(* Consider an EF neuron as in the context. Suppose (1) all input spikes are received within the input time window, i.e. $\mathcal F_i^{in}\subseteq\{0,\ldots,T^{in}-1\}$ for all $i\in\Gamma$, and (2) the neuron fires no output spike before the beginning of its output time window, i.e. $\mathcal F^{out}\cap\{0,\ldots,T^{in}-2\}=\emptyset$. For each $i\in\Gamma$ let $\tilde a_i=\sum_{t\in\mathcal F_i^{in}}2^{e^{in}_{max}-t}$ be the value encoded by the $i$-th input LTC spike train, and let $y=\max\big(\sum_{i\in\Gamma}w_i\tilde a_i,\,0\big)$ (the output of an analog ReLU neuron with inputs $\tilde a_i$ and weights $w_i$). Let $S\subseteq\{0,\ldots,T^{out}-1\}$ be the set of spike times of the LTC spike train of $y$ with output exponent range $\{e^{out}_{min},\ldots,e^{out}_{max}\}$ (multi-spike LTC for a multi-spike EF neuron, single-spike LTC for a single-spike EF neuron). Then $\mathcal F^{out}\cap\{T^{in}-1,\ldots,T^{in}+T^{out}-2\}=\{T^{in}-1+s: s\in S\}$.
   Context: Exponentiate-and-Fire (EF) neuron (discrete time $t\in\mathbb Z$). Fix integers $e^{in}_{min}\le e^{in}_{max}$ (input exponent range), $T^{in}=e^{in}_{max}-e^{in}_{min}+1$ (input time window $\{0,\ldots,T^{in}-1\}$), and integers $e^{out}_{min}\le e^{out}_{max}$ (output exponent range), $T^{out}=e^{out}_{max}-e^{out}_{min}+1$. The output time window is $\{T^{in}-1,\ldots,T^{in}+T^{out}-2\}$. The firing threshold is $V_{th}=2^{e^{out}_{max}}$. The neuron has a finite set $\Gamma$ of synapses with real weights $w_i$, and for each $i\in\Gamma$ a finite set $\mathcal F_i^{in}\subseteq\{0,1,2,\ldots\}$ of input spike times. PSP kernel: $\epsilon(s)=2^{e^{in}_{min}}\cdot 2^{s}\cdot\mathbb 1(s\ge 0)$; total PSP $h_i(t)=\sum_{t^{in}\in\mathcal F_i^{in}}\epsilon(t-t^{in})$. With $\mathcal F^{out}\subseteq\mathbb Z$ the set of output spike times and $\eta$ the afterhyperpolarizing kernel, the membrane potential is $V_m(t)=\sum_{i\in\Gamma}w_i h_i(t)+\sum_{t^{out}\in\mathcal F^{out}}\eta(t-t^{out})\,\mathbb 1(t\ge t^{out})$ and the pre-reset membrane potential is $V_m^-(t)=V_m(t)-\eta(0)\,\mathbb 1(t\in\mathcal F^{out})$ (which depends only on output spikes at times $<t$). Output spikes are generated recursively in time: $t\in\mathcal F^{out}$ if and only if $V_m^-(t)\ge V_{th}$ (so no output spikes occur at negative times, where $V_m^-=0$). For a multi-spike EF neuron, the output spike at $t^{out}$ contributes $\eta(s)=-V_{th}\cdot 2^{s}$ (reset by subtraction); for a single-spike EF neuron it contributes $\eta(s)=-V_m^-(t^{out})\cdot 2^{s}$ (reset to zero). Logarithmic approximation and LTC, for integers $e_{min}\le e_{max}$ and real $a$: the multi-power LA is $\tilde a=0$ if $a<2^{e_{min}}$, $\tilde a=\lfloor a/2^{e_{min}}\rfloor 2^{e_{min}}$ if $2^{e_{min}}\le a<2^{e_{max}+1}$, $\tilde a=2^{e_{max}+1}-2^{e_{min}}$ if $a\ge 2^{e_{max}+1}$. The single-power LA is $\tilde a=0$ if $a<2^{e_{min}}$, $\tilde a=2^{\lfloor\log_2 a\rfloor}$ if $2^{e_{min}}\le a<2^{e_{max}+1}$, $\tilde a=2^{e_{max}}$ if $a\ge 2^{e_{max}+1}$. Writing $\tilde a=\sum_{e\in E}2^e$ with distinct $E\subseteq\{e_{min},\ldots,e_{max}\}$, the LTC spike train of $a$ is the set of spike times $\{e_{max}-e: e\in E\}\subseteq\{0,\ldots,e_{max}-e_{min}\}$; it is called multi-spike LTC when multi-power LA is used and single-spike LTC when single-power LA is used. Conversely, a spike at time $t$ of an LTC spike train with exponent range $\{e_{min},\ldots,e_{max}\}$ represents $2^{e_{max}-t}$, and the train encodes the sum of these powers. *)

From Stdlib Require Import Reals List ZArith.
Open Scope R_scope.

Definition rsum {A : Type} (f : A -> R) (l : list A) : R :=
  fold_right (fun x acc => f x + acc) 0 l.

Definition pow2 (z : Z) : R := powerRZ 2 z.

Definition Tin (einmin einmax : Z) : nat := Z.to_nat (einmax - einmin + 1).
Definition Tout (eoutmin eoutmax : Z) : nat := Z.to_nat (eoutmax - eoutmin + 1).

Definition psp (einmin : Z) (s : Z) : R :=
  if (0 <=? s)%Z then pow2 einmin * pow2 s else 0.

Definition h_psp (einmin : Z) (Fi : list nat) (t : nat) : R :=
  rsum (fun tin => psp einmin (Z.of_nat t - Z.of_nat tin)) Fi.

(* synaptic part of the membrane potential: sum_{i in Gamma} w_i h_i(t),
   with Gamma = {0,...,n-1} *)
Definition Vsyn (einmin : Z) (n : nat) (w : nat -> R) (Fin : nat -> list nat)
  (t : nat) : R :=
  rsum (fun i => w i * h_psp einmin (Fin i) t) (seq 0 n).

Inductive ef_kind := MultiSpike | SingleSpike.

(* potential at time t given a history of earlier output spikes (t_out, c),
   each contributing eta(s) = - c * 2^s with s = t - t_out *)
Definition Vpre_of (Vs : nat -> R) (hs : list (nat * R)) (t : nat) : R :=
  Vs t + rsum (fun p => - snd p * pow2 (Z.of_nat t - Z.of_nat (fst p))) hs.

---

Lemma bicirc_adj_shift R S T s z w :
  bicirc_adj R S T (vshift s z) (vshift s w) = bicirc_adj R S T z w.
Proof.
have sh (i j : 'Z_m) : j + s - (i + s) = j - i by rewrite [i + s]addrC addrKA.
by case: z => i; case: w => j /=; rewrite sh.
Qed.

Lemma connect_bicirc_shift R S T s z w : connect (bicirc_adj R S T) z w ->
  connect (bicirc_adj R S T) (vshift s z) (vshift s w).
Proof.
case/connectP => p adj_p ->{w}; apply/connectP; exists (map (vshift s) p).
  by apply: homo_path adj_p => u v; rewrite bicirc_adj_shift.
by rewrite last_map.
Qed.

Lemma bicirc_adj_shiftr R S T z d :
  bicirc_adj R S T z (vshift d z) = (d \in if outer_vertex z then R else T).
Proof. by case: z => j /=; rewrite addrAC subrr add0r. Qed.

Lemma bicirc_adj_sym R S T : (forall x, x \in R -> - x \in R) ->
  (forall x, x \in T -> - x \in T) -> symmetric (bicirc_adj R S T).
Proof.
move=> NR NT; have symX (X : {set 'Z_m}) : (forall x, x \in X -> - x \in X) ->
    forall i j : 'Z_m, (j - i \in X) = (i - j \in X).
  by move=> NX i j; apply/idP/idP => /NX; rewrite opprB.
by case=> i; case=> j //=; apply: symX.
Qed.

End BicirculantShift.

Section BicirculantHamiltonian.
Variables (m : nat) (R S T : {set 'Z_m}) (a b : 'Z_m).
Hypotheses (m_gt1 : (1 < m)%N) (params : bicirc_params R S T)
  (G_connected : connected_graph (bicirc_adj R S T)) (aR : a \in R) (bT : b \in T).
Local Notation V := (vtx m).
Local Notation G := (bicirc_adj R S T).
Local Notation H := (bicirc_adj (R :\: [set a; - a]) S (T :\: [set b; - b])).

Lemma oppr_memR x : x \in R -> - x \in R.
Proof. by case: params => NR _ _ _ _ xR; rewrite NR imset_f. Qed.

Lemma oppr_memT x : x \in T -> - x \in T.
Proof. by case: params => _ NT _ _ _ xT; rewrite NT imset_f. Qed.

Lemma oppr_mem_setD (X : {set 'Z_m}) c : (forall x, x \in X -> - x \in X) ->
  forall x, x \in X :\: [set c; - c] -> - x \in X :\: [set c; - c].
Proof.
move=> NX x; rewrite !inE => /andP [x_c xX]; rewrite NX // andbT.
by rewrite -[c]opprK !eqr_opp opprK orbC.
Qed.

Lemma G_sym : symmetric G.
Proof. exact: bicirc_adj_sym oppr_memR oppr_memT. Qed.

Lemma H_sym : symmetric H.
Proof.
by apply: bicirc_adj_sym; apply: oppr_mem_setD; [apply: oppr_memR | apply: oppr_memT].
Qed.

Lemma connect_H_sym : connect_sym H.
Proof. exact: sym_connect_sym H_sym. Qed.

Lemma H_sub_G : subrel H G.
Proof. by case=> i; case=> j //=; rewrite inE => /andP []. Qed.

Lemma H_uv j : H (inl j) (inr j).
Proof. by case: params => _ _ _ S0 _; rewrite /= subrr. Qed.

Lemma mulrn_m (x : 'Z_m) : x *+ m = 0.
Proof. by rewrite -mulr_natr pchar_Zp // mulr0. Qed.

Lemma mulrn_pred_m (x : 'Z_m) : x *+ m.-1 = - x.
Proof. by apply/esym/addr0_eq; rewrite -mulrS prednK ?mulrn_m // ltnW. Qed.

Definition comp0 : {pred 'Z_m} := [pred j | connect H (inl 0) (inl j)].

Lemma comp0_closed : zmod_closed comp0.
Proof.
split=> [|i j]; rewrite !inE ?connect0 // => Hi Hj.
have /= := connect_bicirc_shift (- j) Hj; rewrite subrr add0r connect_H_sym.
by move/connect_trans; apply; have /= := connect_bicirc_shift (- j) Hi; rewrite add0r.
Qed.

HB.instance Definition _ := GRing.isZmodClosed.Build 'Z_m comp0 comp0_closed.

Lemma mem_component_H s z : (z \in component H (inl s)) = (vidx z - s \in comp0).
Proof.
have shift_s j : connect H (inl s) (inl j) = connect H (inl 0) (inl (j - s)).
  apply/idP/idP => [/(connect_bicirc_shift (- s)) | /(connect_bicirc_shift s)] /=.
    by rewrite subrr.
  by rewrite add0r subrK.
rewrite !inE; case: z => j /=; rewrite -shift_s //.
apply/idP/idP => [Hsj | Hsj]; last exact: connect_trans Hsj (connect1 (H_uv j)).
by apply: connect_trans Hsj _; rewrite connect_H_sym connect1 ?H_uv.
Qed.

--

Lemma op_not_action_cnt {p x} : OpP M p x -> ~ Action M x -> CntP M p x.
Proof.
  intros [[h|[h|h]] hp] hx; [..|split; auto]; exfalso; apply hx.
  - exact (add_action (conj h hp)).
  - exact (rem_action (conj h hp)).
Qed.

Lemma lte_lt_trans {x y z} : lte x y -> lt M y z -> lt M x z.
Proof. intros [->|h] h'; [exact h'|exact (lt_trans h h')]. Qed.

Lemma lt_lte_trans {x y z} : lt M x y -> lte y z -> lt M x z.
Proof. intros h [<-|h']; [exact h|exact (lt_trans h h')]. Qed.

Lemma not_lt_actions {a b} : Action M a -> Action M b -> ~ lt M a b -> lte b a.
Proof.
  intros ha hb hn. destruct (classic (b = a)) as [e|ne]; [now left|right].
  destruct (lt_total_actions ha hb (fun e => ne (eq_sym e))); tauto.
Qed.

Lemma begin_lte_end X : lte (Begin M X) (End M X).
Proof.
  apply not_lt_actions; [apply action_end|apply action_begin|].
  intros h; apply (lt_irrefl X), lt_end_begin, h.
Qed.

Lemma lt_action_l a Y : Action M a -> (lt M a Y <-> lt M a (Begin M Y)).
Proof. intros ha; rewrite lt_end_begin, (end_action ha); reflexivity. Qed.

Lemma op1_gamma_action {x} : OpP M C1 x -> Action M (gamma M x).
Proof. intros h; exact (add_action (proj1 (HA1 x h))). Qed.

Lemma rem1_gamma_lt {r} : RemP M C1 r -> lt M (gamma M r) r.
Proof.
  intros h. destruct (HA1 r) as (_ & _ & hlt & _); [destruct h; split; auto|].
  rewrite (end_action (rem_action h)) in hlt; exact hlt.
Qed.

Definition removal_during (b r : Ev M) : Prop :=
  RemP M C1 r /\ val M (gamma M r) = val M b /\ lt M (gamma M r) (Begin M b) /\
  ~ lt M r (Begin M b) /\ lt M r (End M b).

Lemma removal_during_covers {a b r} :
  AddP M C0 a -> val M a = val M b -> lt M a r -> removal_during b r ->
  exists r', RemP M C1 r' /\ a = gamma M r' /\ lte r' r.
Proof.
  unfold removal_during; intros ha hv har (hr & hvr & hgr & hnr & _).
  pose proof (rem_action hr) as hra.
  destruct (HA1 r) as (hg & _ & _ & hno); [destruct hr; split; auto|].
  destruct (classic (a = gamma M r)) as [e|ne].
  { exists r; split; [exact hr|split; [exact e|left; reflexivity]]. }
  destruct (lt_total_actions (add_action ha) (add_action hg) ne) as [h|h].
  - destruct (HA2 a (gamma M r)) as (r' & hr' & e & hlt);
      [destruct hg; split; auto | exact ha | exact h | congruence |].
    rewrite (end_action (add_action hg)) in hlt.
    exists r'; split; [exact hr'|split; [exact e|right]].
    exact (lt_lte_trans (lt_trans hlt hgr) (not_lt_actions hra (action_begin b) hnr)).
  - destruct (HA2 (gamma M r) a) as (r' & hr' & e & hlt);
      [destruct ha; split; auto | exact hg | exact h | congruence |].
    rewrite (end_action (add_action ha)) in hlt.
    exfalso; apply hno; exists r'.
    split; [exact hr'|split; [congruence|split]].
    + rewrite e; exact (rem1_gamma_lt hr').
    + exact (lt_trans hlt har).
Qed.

## What you are asked to do
Copy each line above holding "congruence".

## Exercise solution
      [destruct hg; split; auto | exact ha | exact h | congruence |].
      [destruct ha; split; auto | exact hg | exact h | congruence |].
    split; [exact hr'|split; [congruence|split]].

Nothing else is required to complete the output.